> _Dataset records_
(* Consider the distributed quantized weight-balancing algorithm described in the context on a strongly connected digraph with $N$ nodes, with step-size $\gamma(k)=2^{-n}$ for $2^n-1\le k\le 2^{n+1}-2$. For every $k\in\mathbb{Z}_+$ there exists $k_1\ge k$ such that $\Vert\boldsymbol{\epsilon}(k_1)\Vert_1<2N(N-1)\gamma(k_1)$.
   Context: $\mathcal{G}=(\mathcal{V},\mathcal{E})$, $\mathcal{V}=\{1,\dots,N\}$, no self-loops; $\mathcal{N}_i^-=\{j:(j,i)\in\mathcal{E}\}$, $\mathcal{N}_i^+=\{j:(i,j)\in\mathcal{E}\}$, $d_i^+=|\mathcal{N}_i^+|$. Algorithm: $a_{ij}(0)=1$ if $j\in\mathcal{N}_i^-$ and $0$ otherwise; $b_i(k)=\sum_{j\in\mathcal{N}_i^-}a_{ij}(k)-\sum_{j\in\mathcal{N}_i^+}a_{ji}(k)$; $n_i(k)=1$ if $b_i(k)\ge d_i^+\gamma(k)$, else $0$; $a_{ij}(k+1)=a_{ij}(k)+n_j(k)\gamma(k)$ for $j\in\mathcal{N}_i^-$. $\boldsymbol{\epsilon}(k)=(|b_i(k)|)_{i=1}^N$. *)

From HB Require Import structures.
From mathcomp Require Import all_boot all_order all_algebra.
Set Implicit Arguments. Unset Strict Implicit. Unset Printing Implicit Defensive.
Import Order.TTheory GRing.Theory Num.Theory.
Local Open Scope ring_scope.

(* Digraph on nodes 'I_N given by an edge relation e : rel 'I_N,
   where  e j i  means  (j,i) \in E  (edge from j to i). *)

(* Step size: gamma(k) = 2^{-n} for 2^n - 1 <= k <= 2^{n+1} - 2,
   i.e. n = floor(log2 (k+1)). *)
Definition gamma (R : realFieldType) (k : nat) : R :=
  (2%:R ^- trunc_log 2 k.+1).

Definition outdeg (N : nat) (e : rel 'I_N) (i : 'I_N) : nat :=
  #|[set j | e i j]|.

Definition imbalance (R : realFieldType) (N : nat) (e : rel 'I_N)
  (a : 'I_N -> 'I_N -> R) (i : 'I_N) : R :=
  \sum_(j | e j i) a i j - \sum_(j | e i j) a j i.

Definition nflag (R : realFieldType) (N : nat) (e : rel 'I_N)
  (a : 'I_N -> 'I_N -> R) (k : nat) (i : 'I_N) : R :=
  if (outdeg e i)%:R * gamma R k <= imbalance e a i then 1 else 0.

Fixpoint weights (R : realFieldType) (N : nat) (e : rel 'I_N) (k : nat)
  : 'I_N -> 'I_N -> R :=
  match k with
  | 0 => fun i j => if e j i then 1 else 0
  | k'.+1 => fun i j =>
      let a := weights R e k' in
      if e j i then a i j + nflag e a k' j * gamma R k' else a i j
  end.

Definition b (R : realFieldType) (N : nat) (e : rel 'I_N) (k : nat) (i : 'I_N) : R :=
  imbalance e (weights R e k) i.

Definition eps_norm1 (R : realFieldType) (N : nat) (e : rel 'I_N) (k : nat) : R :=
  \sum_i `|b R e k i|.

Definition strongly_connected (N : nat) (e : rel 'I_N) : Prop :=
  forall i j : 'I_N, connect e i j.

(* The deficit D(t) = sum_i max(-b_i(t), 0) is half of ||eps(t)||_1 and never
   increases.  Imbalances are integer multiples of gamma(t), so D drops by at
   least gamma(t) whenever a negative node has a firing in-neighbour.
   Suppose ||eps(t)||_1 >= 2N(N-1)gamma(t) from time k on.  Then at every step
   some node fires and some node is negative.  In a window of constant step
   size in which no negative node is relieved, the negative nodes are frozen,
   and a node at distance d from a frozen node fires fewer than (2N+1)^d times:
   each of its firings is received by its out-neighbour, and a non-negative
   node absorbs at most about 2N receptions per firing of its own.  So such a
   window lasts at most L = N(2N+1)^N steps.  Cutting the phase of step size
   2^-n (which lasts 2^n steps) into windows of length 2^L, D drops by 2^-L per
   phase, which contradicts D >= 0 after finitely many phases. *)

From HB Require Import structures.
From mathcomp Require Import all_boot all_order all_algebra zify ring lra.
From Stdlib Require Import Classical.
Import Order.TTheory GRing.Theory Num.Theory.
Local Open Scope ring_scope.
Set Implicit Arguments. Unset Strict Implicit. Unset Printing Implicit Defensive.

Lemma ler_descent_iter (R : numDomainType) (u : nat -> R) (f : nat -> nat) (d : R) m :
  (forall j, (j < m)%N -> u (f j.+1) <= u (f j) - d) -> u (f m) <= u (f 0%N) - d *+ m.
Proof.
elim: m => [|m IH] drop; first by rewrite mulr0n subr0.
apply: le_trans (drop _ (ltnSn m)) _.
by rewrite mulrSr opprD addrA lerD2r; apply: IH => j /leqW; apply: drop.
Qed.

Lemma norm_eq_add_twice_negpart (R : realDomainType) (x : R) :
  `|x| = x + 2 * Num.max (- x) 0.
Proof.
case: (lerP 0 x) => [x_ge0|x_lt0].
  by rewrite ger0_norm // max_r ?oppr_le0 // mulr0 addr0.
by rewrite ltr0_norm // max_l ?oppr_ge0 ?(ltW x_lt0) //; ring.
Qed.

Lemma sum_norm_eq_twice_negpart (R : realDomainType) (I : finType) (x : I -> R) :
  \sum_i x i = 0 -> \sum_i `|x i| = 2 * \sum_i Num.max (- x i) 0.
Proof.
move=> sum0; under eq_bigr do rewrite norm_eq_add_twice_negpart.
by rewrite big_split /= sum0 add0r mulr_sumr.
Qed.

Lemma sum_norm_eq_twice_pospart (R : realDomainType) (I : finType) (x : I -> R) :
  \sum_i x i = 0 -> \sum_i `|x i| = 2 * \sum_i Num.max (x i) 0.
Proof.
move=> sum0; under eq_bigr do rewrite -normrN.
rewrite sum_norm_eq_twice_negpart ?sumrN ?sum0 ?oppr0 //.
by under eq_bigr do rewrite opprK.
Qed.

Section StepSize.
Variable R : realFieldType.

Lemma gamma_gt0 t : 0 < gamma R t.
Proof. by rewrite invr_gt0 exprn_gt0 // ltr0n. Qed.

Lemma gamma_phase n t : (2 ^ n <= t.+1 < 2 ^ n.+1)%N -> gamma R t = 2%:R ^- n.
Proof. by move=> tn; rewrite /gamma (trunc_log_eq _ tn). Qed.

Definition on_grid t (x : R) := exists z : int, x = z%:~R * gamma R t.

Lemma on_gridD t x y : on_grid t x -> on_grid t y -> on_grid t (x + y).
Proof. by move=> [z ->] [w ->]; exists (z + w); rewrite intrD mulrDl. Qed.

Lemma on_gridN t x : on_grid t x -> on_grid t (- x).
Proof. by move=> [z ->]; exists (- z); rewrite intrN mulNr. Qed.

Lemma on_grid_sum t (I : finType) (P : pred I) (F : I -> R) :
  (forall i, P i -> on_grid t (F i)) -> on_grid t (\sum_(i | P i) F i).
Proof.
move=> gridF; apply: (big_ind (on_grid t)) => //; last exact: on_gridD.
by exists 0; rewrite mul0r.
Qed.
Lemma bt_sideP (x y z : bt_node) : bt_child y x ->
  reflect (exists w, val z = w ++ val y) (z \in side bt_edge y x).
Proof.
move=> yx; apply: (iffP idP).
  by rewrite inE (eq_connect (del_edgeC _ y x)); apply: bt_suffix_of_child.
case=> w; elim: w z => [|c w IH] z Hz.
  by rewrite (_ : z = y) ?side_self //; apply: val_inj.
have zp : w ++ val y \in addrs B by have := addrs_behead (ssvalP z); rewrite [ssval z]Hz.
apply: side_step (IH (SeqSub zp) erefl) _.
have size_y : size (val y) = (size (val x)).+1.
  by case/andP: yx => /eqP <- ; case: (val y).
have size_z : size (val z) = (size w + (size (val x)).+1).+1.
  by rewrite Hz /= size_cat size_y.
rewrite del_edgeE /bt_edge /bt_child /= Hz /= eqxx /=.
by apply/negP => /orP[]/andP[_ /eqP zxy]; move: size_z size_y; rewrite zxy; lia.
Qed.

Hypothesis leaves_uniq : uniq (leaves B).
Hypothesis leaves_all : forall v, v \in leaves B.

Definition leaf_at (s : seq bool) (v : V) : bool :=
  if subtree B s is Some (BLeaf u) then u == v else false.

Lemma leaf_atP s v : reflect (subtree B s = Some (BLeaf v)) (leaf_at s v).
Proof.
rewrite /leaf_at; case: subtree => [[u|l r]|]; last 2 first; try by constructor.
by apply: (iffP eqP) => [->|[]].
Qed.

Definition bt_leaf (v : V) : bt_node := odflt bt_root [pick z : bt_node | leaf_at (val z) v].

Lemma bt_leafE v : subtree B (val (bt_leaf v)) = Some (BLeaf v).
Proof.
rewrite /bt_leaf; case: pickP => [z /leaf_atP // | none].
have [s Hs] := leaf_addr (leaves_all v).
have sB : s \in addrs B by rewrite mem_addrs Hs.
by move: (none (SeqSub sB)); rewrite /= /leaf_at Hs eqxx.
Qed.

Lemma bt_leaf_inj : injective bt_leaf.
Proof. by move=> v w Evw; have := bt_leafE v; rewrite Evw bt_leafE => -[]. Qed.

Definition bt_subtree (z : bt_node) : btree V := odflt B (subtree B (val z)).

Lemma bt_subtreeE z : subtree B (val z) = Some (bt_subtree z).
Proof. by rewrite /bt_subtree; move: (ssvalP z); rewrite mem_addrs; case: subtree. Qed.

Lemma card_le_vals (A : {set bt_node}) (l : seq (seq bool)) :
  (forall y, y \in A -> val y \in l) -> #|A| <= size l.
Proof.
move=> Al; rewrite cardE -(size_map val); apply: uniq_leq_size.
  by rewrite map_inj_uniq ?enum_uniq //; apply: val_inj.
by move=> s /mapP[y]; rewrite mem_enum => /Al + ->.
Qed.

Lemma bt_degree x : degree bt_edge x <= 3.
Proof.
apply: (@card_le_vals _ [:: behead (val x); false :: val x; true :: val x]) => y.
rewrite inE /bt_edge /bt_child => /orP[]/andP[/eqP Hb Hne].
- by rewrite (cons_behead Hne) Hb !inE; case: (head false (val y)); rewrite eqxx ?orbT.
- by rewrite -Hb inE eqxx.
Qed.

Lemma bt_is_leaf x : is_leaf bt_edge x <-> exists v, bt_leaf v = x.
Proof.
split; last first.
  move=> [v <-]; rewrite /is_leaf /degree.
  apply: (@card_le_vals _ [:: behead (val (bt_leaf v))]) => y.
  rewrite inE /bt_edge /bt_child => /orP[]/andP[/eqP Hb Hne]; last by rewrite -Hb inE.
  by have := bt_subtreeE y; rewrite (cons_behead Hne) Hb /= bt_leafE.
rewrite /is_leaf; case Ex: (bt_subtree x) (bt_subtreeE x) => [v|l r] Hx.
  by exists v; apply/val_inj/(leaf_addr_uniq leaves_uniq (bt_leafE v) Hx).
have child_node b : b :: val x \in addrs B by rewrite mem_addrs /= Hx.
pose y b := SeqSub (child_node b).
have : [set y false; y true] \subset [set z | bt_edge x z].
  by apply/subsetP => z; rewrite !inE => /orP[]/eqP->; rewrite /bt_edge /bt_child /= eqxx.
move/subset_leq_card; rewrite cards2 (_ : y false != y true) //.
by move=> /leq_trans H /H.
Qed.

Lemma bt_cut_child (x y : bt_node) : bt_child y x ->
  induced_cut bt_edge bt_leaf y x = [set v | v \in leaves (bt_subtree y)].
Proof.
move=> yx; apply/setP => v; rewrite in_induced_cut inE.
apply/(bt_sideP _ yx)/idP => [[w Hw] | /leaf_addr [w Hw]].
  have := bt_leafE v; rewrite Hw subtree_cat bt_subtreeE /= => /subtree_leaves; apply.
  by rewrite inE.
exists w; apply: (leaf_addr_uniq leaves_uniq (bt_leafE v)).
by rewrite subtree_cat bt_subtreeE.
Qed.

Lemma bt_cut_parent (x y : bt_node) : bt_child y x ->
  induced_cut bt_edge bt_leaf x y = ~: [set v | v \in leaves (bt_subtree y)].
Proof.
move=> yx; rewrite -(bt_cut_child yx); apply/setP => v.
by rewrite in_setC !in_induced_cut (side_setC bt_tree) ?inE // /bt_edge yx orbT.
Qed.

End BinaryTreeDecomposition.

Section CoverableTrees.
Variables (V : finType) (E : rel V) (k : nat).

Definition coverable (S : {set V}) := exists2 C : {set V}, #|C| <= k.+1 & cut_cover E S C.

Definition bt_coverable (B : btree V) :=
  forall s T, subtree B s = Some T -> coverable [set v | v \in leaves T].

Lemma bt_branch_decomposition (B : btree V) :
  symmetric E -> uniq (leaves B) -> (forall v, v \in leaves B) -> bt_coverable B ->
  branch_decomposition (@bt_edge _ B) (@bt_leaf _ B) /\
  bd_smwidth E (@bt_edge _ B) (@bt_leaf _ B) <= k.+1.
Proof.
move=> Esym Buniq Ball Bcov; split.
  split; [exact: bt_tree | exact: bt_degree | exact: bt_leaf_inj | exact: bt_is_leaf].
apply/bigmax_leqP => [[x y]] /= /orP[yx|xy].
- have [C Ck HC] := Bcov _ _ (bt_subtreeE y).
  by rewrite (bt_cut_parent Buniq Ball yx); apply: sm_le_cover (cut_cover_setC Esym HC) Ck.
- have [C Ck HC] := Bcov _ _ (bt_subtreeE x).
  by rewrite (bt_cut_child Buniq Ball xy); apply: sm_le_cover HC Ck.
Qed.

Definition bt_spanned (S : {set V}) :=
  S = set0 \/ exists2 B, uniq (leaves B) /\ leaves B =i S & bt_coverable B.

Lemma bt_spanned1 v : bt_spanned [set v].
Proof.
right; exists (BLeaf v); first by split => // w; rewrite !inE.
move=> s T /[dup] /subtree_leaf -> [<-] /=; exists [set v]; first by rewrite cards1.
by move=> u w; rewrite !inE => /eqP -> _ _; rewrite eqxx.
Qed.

> _Description of the task_
Search the records for the string "most", and copy every line that holds it.

> _Response below_
   node absorbs at most about 2N receptions per firing of its own.  So such a
   window lasts at most L = N(2N+1)^N steps.  Cutting the phase of step size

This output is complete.